(Beginning of Task input)
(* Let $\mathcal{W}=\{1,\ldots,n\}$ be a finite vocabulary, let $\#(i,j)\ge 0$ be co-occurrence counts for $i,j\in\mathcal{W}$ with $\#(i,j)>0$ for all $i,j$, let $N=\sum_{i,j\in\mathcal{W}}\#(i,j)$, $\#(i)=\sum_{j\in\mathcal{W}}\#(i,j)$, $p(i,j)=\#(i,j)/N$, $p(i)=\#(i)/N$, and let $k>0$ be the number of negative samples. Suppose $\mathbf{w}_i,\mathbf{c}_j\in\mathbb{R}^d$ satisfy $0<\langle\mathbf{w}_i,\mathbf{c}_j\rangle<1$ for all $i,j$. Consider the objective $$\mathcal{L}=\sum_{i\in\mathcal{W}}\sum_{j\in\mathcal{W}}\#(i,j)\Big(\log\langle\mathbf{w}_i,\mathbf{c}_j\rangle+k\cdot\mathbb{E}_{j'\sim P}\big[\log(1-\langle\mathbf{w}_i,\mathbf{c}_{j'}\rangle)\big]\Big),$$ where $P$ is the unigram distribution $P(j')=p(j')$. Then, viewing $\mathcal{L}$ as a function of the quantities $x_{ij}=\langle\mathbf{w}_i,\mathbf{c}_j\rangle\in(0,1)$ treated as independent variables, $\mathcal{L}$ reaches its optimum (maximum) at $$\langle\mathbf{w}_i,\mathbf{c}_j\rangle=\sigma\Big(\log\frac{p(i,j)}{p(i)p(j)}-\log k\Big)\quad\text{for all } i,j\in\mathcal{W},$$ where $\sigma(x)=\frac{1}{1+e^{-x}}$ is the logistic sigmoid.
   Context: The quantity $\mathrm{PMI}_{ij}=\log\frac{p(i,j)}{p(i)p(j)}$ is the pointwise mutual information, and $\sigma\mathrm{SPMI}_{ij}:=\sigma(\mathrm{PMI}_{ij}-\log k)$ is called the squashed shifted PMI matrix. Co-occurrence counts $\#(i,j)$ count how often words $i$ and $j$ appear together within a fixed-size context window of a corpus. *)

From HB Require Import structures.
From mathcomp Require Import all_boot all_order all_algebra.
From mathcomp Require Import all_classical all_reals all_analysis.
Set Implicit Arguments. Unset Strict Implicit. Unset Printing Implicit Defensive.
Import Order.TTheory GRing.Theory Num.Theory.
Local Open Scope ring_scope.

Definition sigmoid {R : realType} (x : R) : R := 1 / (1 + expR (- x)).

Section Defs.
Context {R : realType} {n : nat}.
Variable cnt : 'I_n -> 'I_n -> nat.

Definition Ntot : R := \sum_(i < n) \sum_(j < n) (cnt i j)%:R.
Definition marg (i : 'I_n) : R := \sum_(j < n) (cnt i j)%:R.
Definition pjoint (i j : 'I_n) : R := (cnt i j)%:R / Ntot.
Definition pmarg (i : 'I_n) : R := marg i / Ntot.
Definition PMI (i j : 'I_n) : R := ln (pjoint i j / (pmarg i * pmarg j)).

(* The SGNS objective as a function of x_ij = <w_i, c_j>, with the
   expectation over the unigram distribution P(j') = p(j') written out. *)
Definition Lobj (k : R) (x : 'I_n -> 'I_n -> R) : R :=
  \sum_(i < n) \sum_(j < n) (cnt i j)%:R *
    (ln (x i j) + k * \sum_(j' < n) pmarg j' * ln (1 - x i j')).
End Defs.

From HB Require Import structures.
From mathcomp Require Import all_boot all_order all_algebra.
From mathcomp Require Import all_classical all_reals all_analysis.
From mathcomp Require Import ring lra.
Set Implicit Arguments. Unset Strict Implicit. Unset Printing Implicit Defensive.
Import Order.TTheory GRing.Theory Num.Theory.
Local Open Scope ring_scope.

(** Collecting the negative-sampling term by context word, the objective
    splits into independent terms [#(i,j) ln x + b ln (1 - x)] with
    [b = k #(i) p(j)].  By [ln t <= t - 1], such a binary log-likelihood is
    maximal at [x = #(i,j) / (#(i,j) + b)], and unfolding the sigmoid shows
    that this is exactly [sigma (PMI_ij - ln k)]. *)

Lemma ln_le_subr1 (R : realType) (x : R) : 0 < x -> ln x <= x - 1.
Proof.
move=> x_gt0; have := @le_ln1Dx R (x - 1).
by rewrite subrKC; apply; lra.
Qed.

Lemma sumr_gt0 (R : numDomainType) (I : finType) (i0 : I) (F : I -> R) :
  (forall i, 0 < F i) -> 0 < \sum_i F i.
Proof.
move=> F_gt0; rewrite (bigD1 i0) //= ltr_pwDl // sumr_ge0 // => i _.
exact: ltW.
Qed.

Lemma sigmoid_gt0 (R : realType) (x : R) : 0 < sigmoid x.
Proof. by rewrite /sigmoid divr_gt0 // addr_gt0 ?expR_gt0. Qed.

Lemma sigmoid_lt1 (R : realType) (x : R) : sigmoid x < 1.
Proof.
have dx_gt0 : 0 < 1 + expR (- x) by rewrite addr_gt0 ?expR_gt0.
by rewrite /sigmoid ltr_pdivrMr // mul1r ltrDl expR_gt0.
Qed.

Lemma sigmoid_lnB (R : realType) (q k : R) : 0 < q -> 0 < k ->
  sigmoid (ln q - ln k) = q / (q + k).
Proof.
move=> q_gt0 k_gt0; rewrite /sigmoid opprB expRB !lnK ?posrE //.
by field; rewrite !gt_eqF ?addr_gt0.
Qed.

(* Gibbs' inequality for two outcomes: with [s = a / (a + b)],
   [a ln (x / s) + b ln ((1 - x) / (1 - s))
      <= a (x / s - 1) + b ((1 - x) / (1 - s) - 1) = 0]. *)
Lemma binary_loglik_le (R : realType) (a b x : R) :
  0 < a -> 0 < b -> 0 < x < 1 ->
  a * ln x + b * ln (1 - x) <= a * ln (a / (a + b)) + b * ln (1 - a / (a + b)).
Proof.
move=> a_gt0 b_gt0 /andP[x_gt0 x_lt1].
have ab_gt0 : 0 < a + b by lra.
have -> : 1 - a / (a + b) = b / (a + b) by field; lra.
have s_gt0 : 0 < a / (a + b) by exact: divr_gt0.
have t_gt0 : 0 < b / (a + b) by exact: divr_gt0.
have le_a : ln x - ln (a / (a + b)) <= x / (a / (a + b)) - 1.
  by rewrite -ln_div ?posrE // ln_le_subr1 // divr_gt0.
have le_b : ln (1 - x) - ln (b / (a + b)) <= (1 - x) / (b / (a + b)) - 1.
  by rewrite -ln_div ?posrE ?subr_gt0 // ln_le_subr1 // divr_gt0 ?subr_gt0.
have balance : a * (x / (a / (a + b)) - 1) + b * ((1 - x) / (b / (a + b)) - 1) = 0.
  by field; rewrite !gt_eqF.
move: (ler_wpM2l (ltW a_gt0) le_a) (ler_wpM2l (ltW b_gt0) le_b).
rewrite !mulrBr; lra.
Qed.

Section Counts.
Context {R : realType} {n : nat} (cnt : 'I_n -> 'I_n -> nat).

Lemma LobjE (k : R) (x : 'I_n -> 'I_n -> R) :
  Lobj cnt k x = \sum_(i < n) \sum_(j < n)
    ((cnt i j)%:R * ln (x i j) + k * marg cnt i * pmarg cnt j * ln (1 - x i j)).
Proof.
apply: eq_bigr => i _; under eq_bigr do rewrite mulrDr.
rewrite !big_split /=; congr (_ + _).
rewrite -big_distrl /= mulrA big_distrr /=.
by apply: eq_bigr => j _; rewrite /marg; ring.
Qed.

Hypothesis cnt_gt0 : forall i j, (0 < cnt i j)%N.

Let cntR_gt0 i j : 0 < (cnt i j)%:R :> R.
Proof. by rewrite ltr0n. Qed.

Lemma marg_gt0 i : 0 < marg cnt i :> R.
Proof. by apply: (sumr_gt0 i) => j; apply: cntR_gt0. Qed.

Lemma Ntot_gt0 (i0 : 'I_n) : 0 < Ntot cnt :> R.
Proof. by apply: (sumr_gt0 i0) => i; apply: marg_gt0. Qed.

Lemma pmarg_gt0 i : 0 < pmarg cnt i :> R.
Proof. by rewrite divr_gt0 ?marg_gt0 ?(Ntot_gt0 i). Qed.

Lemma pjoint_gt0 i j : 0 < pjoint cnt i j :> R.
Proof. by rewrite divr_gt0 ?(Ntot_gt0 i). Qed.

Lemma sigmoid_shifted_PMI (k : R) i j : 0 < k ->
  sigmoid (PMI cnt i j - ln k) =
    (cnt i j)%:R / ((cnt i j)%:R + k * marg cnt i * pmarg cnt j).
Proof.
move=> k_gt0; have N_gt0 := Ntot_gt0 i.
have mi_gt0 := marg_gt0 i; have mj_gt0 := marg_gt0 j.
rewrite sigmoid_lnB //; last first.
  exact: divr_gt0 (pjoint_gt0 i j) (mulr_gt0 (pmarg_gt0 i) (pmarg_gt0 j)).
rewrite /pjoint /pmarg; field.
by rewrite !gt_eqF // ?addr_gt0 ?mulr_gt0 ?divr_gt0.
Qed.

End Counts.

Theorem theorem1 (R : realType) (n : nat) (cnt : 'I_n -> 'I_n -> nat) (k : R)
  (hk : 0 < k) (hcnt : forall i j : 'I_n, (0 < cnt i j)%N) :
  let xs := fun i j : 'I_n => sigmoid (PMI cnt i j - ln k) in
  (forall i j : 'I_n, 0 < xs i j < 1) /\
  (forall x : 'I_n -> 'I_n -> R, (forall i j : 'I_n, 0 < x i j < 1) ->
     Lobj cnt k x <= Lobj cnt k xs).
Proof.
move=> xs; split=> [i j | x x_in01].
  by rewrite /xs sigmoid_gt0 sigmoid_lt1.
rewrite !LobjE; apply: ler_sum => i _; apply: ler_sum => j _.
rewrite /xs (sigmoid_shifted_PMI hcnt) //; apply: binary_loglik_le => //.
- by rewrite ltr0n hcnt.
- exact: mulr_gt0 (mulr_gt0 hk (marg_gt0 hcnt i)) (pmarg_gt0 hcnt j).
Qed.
(End of Task input)
(Beginning of Task input)
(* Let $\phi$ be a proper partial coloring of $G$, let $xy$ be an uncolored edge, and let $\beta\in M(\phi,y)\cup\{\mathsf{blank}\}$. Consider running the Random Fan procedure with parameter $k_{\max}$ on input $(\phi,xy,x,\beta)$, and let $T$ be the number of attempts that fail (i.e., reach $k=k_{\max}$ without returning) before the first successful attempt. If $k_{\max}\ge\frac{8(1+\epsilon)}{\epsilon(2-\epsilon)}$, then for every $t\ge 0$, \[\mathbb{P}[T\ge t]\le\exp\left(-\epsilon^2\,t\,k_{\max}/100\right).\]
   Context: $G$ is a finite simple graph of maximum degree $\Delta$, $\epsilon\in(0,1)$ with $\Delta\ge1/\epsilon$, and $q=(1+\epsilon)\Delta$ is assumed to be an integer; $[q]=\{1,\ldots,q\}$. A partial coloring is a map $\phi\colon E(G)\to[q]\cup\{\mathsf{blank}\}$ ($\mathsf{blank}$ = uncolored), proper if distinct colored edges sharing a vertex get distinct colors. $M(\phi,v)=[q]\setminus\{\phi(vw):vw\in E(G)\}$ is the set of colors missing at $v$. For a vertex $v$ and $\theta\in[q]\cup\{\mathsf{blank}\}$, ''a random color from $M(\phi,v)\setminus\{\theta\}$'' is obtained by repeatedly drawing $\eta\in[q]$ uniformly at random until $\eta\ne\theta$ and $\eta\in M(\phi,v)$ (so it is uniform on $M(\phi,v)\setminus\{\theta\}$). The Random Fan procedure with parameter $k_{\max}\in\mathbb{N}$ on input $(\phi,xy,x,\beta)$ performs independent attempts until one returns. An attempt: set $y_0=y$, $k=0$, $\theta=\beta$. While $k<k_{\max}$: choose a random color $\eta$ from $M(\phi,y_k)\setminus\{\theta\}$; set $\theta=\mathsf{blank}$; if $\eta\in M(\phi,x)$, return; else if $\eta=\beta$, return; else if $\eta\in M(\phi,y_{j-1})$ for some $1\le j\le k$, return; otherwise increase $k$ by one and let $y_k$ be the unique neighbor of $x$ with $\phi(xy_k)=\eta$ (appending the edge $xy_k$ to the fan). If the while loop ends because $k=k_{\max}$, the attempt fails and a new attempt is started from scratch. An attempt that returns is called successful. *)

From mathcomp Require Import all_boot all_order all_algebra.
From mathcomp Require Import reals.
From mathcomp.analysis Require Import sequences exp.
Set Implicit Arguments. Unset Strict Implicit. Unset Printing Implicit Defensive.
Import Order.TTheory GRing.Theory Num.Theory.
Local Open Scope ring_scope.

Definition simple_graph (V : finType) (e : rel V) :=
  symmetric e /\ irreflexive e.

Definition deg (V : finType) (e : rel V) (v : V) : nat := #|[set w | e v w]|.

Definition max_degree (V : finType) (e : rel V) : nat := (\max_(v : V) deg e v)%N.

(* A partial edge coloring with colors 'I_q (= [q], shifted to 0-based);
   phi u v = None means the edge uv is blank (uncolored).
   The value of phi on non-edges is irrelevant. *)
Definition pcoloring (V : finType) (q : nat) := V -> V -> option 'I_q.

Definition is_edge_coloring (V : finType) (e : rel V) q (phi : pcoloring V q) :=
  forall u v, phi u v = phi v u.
(End of Task input)
Exercise requirements:
Once a line of the records is found to contain "LobjE", copy it out.

Your solution:
Lemma LobjE (k : R) (x : 'I_n -> 'I_n -> R) :
rewrite !LobjE; apply: ler_sum => i _; apply: ler_sum => j _.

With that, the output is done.